Вздрогнул, когда на лавочку уселся пожилой ливанец в грязной несвежей одежде.
– *** … – обратился он ко мне на диковинном языке, больше смахивающем на говор индейцев Майя.
– Моя твою не понимать… – изможденно развел руками, выдохнув с глухим рваным свистом.
Судя по всему, отделаться легкими ушибами не удалось. Внутренности горели огнем, будто их жарили на раскаленной сковороде.
– *** … – настойчивее добавил бомж, протягивая мне руку.
Вонючий лондонский бездомный приглашал в упоительное путешествие на самое дно моей никчемной жизни. Прости, Максим Горький, но я действительно в прямом и переносном смысле оказался «на дне».
Старый ливанец помог мне подняться и, прихрамывая, как два раненных солдата, мы поплелись вперед по освещенной пустынной улице. Каждый шаг давался с титаническим трудом, я еле сдерживался, чтобы не застонать от распиравшей ноющей боли в грудине. Неожиданно новый друг радостно улыбнулся, похлопав меня по плечу. Он указал на подсвеченную неоновую вывеску в конце улицы.
– Приют для бездомных…
До хруста стиснул пальцы, стараясь не расчувствоваться, как кисейная барышня. Он помог мне дойти до приюта, какая ирония! Только сейчас дошло, что, несмотря на жизнь в роскошном рублевском особняке, у меня никогда не было дома в широком смысле этого слова.

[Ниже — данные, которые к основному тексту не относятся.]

Lemma stage_succ n z : In z (fst (stage n)) ->
  In z (fst (stage (S n))) /\ snd (stage (S n)) z = snd (stage n) z.
Proof.
  intros Hz. simpl. destruct (pick n) as [m|]; [|auto].
  destruct (next_state_spec (stage n) m (stage_spec n)) as [_ [-> Hagree]].
  split; [now right | now apply Hagree].
Qed.

Lemma stage_mono k n z : (k <= n)%nat -> In z (fst (stage k)) ->
  In z (fst (stage n)) /\ snd (stage n) z = snd (stage k) z.
Proof.
  intros Hkn Hz. induction Hkn as [|n _ [Hn En]]; [auto|].
  destruct (stage_succ n z Hn) as [Hn' En']. split; congruence.
Qed.

Lemma stage_covers x : In x (fst (stage (S (en x)))).
Proof.
  simpl. assert (Hpick : pick (en x) = Some x).
  { destruct (epsilon_spec (inhabits None)
       (fun o => exists y, o = Some y /\ en y = en x)) as [y [Ey Hy]]; [eauto|].
    unfold pick. rewrite Ey. f_equal. now apply en_inj. }
  rewrite Hpick. destruct (next_state_spec (stage (en x)) x (stage_spec (en x))) as [_ [-> _]].
  now left.
Qed.
(* Let $Z,W,Y$ be Hilbert spaces. Assume: $A$ (resp. $E$) is a closed densely defined operator on $Z$ (resp. $W$); $C:D(A)\to Y$ and $F:Y\to D(E^* )'$ are bounded; $A$ and $E$ are diagonalizable in Riesz bases $(z_j)_{j\ge1}$ of $Z$ and $(w_k)_{k\ge1}$ of $W$ with $Az_j=\lambda_jz_j$, $Ew_k=\mu_kw_k$; and $A$ and $E$ share no eigenvalue. Let $\mathcal{A}$ be the operator on $\mathcal{X}=Z\times W$ given by $\mathcal{A}(z,w)=(Az,\ FCz+E_{-1}w)$ on $D(\mathcal{A})=\{(z,w)\in D(A)\times W: E_{-1}w+FCz\in W\}$, whose eigenvectors are $\mathbf{Z}_k=(0,w_k)$ and $\mathbf{Z}_j=(z_j,(\lambda_j-E)^{-1}FCz_j)$. If $$\sum_j\|(\lambda_j-E)^{-1}FCz_j\|_W^2<\infty,$$ then the normalized eigenvectors $\{\mathbf{Z}_j/\|\mathbf{Z}_j\|_{\mathcal{X}}\}_j\cup\{\mathbf{Z}_k/\|\mathbf{Z}_k\|_{\mathcal{X}}\}_k$ form a Riesz basis of $\mathcal{X}$.
   Context: $D(E^* )'$ denotes the dual of $D(E^* )$ with pivot $W$, $E_{-1}:W\to D(E^* )'$ the unique continuous extension of $E$, and $(\lambda_j-E)^{-1}$ is understood as the resolvent extended to $D(E^* )'\to W$. *)

From HB Require Import structures.
From mathcomp Require Import all_boot all_order all_algebra.
From mathcomp Require Import complex.
From mathcomp Require Import reals.
Set Implicit Arguments. Unset Strict Implicit. Unset Printing Implicit Defensive.
Import Order.TTheory GRing.Theory Num.Theory.
Local Open Scope ring_scope.
Local Open Scope complex_scope.

Section Hilbert.
Variables (R : rcfType) (V : lmodType R[i]) (ip : V -> V -> R[i]).

Definition is_inner_product : Prop :=
  [/\ (forall (a : R[i]) (x y z : V), ip (a *: x + y) z = a * ip x z + ip y z),
      (forall x y : V, ip y x = conjc (ip x y)),
      (forall x : V, 0 <= ip x x) &
      (forall x : V, ip x x = 0 -> x = 0)].

Definition hnorm (x : V) : R := Num.sqrt (@complex.Re R (ip x x)).

Definition tendsto (u : nat -> V) (x : V) : Prop :=
  forall e : R, 0 < e -> exists N : nat, forall n, (N <= n)%N -> hnorm (u n - x) < e.

Definition cauchy_seq (u : nat -> V) : Prop :=
  forall e : R, 0 < e -> exists N : nat, forall n m, (N <= n)%N -> (N <= m)%N ->
    hnorm (u n - u m) < e.

Definition hilbert : Prop :=
  is_inner_product /\ forall u, cauchy_seq u -> exists x, tendsto u x.

Definition dense (S : V -> Prop) : Prop :=
  forall x, exists u : nat -> V, (forall n, S (u n)) /\ tendsto u x.

Definition linear_on (D : V -> Prop) (T : V -> V) : Prop :=
  D 0 /\ forall (a : R[i]) x y, D x -> D y ->
    D (a *: x + y) /\ T (a *: x + y) = a *: T x + T y.

Definition closed_densely_defined (D : V -> Prop) (T : V -> V) : Prop :=
  [/\ linear_on D T, dense D &
      forall (u : nat -> V) x y, (forall n, D (u n)) -> tendsto u x ->
        tendsto (fun n => T (u n)) y -> D x /\ T x = y].

Definition is_adjoint (D : V -> Prop) (T : V -> V) (Ds : V -> Prop) (Ts : V -> V)
  : Prop :=
  (forall phi, Ds phi <-> exists psi, forall w, D w -> ip (T w) phi = ip w psi) /\
  (forall phi w, Ds phi -> D w -> ip (T w) phi = ip w (Ts phi)).

Definition op_eigenvalue (D : V -> Prop) (T : V -> V) (l : R[i]) : Prop :=
  exists x, [/\ x <> 0, D x & T x = l *: x].

Definition orthonormal_basis (I : Type) (e : I -> V) : Prop :=
  (forall i, ip (e i) (e i) = 1) /\ (forall i j, i <> j -> ip (e i) (e j) = 0) /\
  (forall x, (forall i, ip x (e i) = 0) -> x = 0).

Definition bounded_linear_endo (T : V -> V) : Prop :=
  (forall (a : R[i]) x y, T (a *: x + y) = a *: T x + T y) /\
  exists M : R, forall x, hnorm (T x) <= M * hnorm x.

(* Riesz basis: image of an orthonormal basis under a bounded bijective
   linear operator (its inverse is then bounded by the open mapping thm). *)
Definition riesz_basis (I : Type) (x : I -> V) : Prop :=
  exists (e : I -> V) (T : V -> V),
    [/\ orthonormal_basis e, bounded_linear_endo T, bijective T &
        forall i, x i = T (e i)].

Definition normalize (x : V) : V := ((hnorm x)^-1)%:C *: x.
End Hilbert.

Definition bounded_on_domain (R : rcfType) (Z Y : lmodType R[i])
  (ipZ : Z -> Z -> R[i]) (ipY : Y -> Y -> R[i]) (DA : Z -> Prop) (A : Z -> Z)
  (C : Z -> Y) : Prop :=
  (forall (a : R[i]) x y, DA x -> DA y -> C (a *: x + y) = a *: C x + C y) /\
  exists M : R, forall x, DA x ->
    hnorm ipY (C x) <= M * (hnorm ipZ x + hnorm ipZ (A x)).

(* D(Eadj)' = space of continuous antilinear functionals on D(Eadj) (graph norm
   of Eadj ), with pivot W: w in W is identified with phi |-> <w, phi>.
   F : Y -> D(Eadj)' is represented by F : Y -> W -> R[i], where only the
   values F y phi for phi in D(Eadj) matter; F bounded linear. *)
Definition bounded_into_extrapolation (R : rcfType) (Y W : lmodType R[i])
  (ipY : Y -> Y -> R[i]) (ipW : W -> W -> R[i]) (DEs : W -> Prop) (Es : W -> W)
  (F : Y -> W -> R[i]) : Prop :=
  [/\ (forall (a : R[i]) y y' phi, DEs phi -> F (a *: y + y') phi = a * F y phi + F y' phi),
      (forall (a : R[i]) y phi psi, DEs phi -> DEs psi ->
          F y (a *: phi + psi) = conjc a * F y phi + F y psi) &
      exists M : R, forall y phi, DEs phi ->
        `|F y phi| <= (M * hnorm ipY y * (hnorm ipW phi + hnorm ipW (Es phi)))%:C].
(* d(A,B) > Rr, where d(A,B) is the infimum of d(a,b): there is r > Rr
   with r <= d(a,b) for all a in A, b in B *)
Definition set_dist_gt (Rr : R) (A B : subset) : Prop :=
  exists r, Rr < r /\ forall a b, A a -> B b -> r <= d a b.

Definition R_disjoint (Rr : R) (U : family) : Prop :=
  (forall A, U A -> exists x, A x) /\
  (forall A B, U A -> U B -> set_distinct A B -> set_dist_gt Rr A B).

Definition ls_doubling (N : nat) (Rr : R) (U : subset) : Prop :=
  forall (x : X) (r : R), Rr <= r ->
    exists c : nat -> X,
      forall y, ball x (2 * r) y -> U y ->
        exists i, (i < N)%nat /\ ball (c i) r y.

Definition weakly_unif_lsd (F : family) : Prop :=
  exists (N : nat) (Rr : R), 0 < Rr /\ forall U, F U -> ls_doubling N Rr U.

Definition weak_hyp_C : Prop :=
  forall Rs : nat -> R, (forall i, 0 < Rs i) ->
    exists (n : nat) (Us : nat -> family),
      (forall i, (i <= n)%nat -> R_disjoint (Rs i) (Us i)) /\
      (forall x, exists i U, (i <= n)%nat /\ Us i U /\ U x) /\
      weakly_unif_lsd (fun U => exists i, (i <= n)%nat /\ Us i U).

Definition unif_bounded (F : family) : Prop :=
  exists D : R, forall A, F A -> forall x y, A x -> A y -> d x y <= D.

Definition decomposes (Rr : R) (Xf Yf : family) : Prop :=
  forall A, Xf A ->
    exists U1 U2 : family,
      R_disjoint Rr U1 /\ R_disjoint Rr U2 /\
      (forall B, U1 B \/ U2 B -> Yf B) /\
      (forall x, A x <-> exists B, (U1 B \/ U2 B) /\ B x).

Definition sFDC (Xf : family) : Prop :=
  forall Rs : nat -> R, (forall i, 0 < Rs i) -> (forall i, Rs i <= Rs (S i)) ->
    exists (n : nat) (Us : nat -> family),
      unif_bounded (Us n) /\
      decomposes (Rs 0%nat) Xf (Us 0%nat) /\
      (forall i, (i < n)%nat -> decomposes (Rs (S i)) (Us i) (Us (S i))).

Definition whole_family : family := fun A => forall x, A x.

End MetricDefs.

From Pilot Require Import Defs.
From Stdlib Require Import Reals Lra Lia List ClassicalEpsilon.
From mathcomp Require classical_sets.
Open Scope R_scope.

(* Peel the cover given by weak hyperbolic property C off X one family at a
   time: at step i the traces of the R_i-disjoint family U_i on the part of X
   not yet covered are split off, and the uncovered rest is kept as a single
   piece.  After n+1 steps every piece lies in a member of a uniformly large
   scale doubling family.  Such a set P is cut into bounded pieces by
   repeatedly taking a maximal 8r-separated net of what is left of P and
   splitting off the 2r-balls around the net points, which are 4r-disjoint.
   A point surviving k rounds sees k net points, pairwise 2r apart, in its
   8r-ball; large scale doubling allows at most N^3 of them, so N^3+1 rounds
   exhaust P. *)

Lemma ForallOrdPairs_filter {A} (Rl : A -> A -> Prop) (f : A -> bool) l :
  ForallOrdPairs Rl l -> ForallOrdPairs Rl (filter f l).
Proof.
induction 1 as [|a l Ha Hl IH]; simpl; [constructor|].
destruct (f a); [|exact IH]. constructor; [|exact IH].
rewrite Forall_forall in *. intros x Hx. apply filter_In in Hx. apply Ha, Hx.
Qed.

Lemma ForallOrdPairs_map_seq {A} (f : nat -> A) (Rl : A -> A -> Prop) : forall K s,
  (forall i j, (s <= i)%nat -> (i < j)%nat -> (j < s + K)%nat -> Rl (f i) (f j)) ->
  ForallOrdPairs Rl (map f (seq s K)).
Proof.
induction K as [|K IH]; intros s H; simpl; [constructor|].
constructor.
- apply Forall_forall. intros x Hx. apply in_map_iff in Hx. destruct Hx as [j [<- Hj]].
  apply in_seq in Hj. apply H; lia.
- apply IH. intros i j h1 h2 h3. apply H; lia.
Qed.

Lemma filter_filter_length_le {A} (f h : A -> bool) l :
  (length (filter f (filter h l)) <= length (filter f l))%nat.
Proof.
induction l as [|a l IH]; simpl; [lia|].
destruct (h a); simpl; destruct (f a); simpl; lia.
Qed.

Lemma length_le_classes {A} (g : A -> nat) (M : nat) : forall k l,
  (forall z, In z l -> (g z < k)%nat) ->
  (forall i, (length (filter (fun z => Nat.eqb (g z) i) l) <= M)%nat) ->
  (length l <= k * M)%nat.
Proof.
induction k as [|k IH]; intros l Hl Hc.
- destruct l as [|a l]; simpl; [lia|]. specialize (Hl a (or_introl eq_refl)). lia.
- rewrite <- (filter_length (fun z => Nat.eqb (g z) k) l).
  assert (Hrest : (length (filter (fun z => negb (Nat.eqb (g z) k)) l) <= k * M)%nat).
  { apply IH.
    - intros z Hz. apply filter_In in Hz. destruct Hz as [Hz Hn].
      specialize (Hl z Hz). apply Bool.negb_true_iff, Nat.eqb_neq in Hn. lia.
    - intros i. eapply Nat.le_trans; [apply filter_filter_length_le|apply Hc]. }
  specialize (Hc k). simpl. lia.
Qed.

Section Decompositions.
Variables (X : Type) (d : X -> X -> R).

Definition splits (Rr : R) (A : Defs.subset X) (Yf : Defs.family X) : Prop :=
  exists U1 U2 : Defs.family X,
    R_disjoint X d Rr U1 /\ R_disjoint X d Rr U2 /\
    (forall B, U1 B \/ U2 B -> Yf B) /\
    (forall x, A x <-> exists B, (U1 B \/ U2 B) /\ B x).

Lemma splits_peel Rr (A Y : Defs.subset X) (G Yf : Defs.family X) :
  R_disjoint X d Rr G -> (forall B, G B -> Yf B) -> ((exists x, Y x) -> Yf Y) ->
  (forall x, A x <-> (exists B, G B /\ B x) \/ Y x) ->
  splits Rr A Yf.
Proof.
intros HG GY YY HA.
exists G, (fun B => B = Y /\ exists x, Y x). split; [exact HG|split; [split|split]].
- intros B [-> Hx]. exact Hx.
- intros B B' [-> _] [-> _] hd. exfalso. apply hd. intro; tauto.
- intros B [HB|[-> Hx]]; [exact (GY B HB)|exact (YY Hx)].
- intros x. rewrite HA. split.
  + intros [[B [HB Bx]]|Yx]; [exists B; tauto|].
    exists Y. split; [right; split; [reflexivity|exists x; exact Yx]|exact Yx].
  + intros [B [[HB|[-> _]] Bx]]; [left; exists B; tauto|right; exact Bx].
Qed.

Lemma splits_self Rr (A : Defs.subset X) (Yf : Defs.family X) :
  ((exists x, A x) -> Yf A) -> splits Rr A Yf.
Proof.
intros H. apply (splits_peel Rr A A (fun _ => False) Yf).
- split; [intros B []|intros B B' []].
- intros B [].
- exact H.
- intros x. split; [tauto|intros [[B [[] _]]|h]; exact h].
Qed.

Definition chain (Rs : nat -> R) (Us : nat -> Defs.family X) (n : nat) : Prop :=
  forall i, (i < n)%nat -> decomposes X d (Rs (S i)) (Us i) (Us (S i)).

Definition glue (n : nat) (Us Ws : nat -> Defs.family X) (i : nat) : Defs.family X :=
  if Nat.leb i n then Us i else Ws (i - n)%nat.

Lemma chain_glue Rs Us Ws n m :
  chain Rs Us n -> chain (fun i => Rs (n + i)%nat) Ws m ->
  (forall B, Us n B -> Ws 0%nat B) ->
  chain Rs (glue n Us Ws) (n + m).
Proof.
intros HU HW H0 i hi. unfold glue.
destruct (Nat.leb_spec (S i) n) as [hlt|hge].
- rewrite (proj2 (Nat.leb_le i n)) by lia. apply HU, hlt.
- destruct (Nat.leb_spec i n) as [hle|hgt].
  + replace i with n by lia. replace (S n - n)%nat with 1%nat by lia.
    intros A HA. rewrite <- Nat.add_1_r. apply (HW 0%nat); [lia|apply H0, HA].
  + replace (S i - n)%nat with (S (i - n)) by lia.
    replace (S i) with (n + S (i - n))%nat by lia. apply HW. lia.
Qed.

Lemma ls_doubling_sub N Rr (U V : Defs.subset X) :
  ls_doubling X d N Rr U -> (forall x, V x -> U x) -> ls_doubling X d N Rr V.
Proof.
intros HU HVU x r hr. destruct (HU x r hr) as [c Hc].
exists c. intros y By Vy. exact (Hc y By (HVU y Vy)).
Qed.

End Decompositions.

Section Peeling.
Variables (X : Type) (d : X -> X -> R) (V : nat -> Defs.family X) (n : nat).
Hypothesis V_cover : forall x, exists j W, (j <= n)%nat /\ V j W /\ W x.

Fixpoint uncovered (j : nat) : Defs.subset X :=
  match j with
  | O => fun _ => True
  | S j => fun x => uncovered j x /\ ~ (exists W, V j W /\ W x)
  end.

Definition traces (j : nat) : Defs.family X :=
  fun B => (exists x, B x) /\ exists W, V j W /\ B = (fun x => W x /\ uncovered j x).

Definition peel_stage (i : nat) : Defs.family X :=
  fun B => (exists j, (j <= i)%nat /\ traces j B) \/
           ((i < n)%nat /\ B = uncovered (S i) /\ exists x, uncovered (S i) x).

Lemma uncovered_not_covered m x :
  uncovered m x -> forall j, (j < m)%nat -> ~ (exists W, V j W /\ W x).
Proof.
revert x. induction m as [|m IH]; intros x Hx j Hj; [lia|].
destruct Hx as [Hx Hn]. destruct (Nat.eq_dec j m) as [->|hne]; [exact Hn|].
apply (IH x Hx). lia.
Qed.

Lemma traces_R_disjoint j Rr : R_disjoint X d Rr (V j) -> R_disjoint X d Rr (traces j).
Proof.
intros [Hne Hd]. split.
- intros B [Hx _]. exact Hx.
- intros B B' [_ [W [VW ->]]] [_ [W' [VW' ->]]] hd.
  assert (hWW : set_distinct X W W').
  { intros heq. apply hd. intros x. rewrite (heq x). tauto. }
  destruct (Hd W W' VW VW' hWW) as [r [hr Hr]]. exists r. split; [exact hr|].
  intros a b [Wa _] [Wb _]. exact (Hr a b Wa Wb).
Qed.

Lemma uncovered_splits Rr i (A : Defs.subset X) :
  R_disjoint X d Rr (V i) -> (i <= n)%nat -> (forall x, A x <-> uncovered i x) ->
  splits X d Rr A (peel_stage i).
Proof.
intros Hd Hi HA.
apply (splits_peel X d Rr A (uncovered (S i)) (traces i)).
- apply traces_R_disjoint, Hd.
- intros B HB. left. exists i. split; [lia|exact HB].
- intros [x Hx]. right. split; [|split; [reflexivity|exists x; exact Hx]].
  destruct (Nat.eq_dec i n) as [->|hne]; [|lia].
  exfalso. destruct (V_cover x) as [j [W [hj [VW Wx]]]].
  apply (uncovered_not_covered (S n) x Hx j); [lia|]. exists W. tauto.
- intros x. rewrite HA. split.
  + intros Yx. destruct (Classical_Prop.classic (exists W, V i W /\ W x)) as [[W [VW Wx]]|hn].
    * left. exists (fun x => W x /\ uncovered i x).
      split; [split; [exists x; tauto|exists W; tauto]|tauto].
    * right. simpl. tauto.
  + intros [[B [[_ [W [_ ->]]] Bx]]|Yx]; [exact (proj2 Bx)|exact (proj1 Yx)].
Qed.

Variable Rs : nat -> R.
Hypothesis V_disj : forall i, (i <= n)%nat -> R_disjoint X d (Rs i) (V i).

Lemma peel_stage_first : decomposes X d (Rs 0%nat) (whole_family X) (peel_stage 0).
Proof.
intros A HA. apply uncovered_splits; [apply V_disj; lia|lia|].
intros x. split; [intros; exact I|intros _; apply HA].
Qed.

Lemma peel_stage_chain : chain X d Rs peel_stage n.
Proof.
intros i hi A [[j [hj HB]]|[_ [-> _]]].
- apply splits_self. intros _. left. exists j. split; [lia|exact HB].
- apply uncovered_splits; [apply V_disj; lia|lia|tauto].
Qed.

Ливанец продолжал что-то мне втирать, но вместо ответа я тихонько запел:
Беженец хрюкнул, принимаясь энергично стучать грязными ладонями, и тогда я заорал на всю улицу:
– *** – бурно аплодируя, мой спутник начал пританцовывать.
Вот такой странный дуэт – два бездомных посреди пустынной улицы корчились от смеха со слезами на глазах.
Ливанец тихонько отварил скрипучую дверь, помогая мне пройти в просторное темное помещение приюта с десятками железных коек по периметру.
В это мгновение силы окончательно покинули. Я упал на одну из них, отвернулся к стене, закусив губу до крови, чтобы никто не услышал сдавленные булькающие звуки, доносящиеся из горла.
⁂
Кто-то ласково перебирал пальцами мои волосы, и на душе стало очень легко. Открыв глаза, я улыбнулся.
– Мама?!
– Прости меня, сынок… – проворковала статная темноволосая женщина с мертвецки бледным лицом.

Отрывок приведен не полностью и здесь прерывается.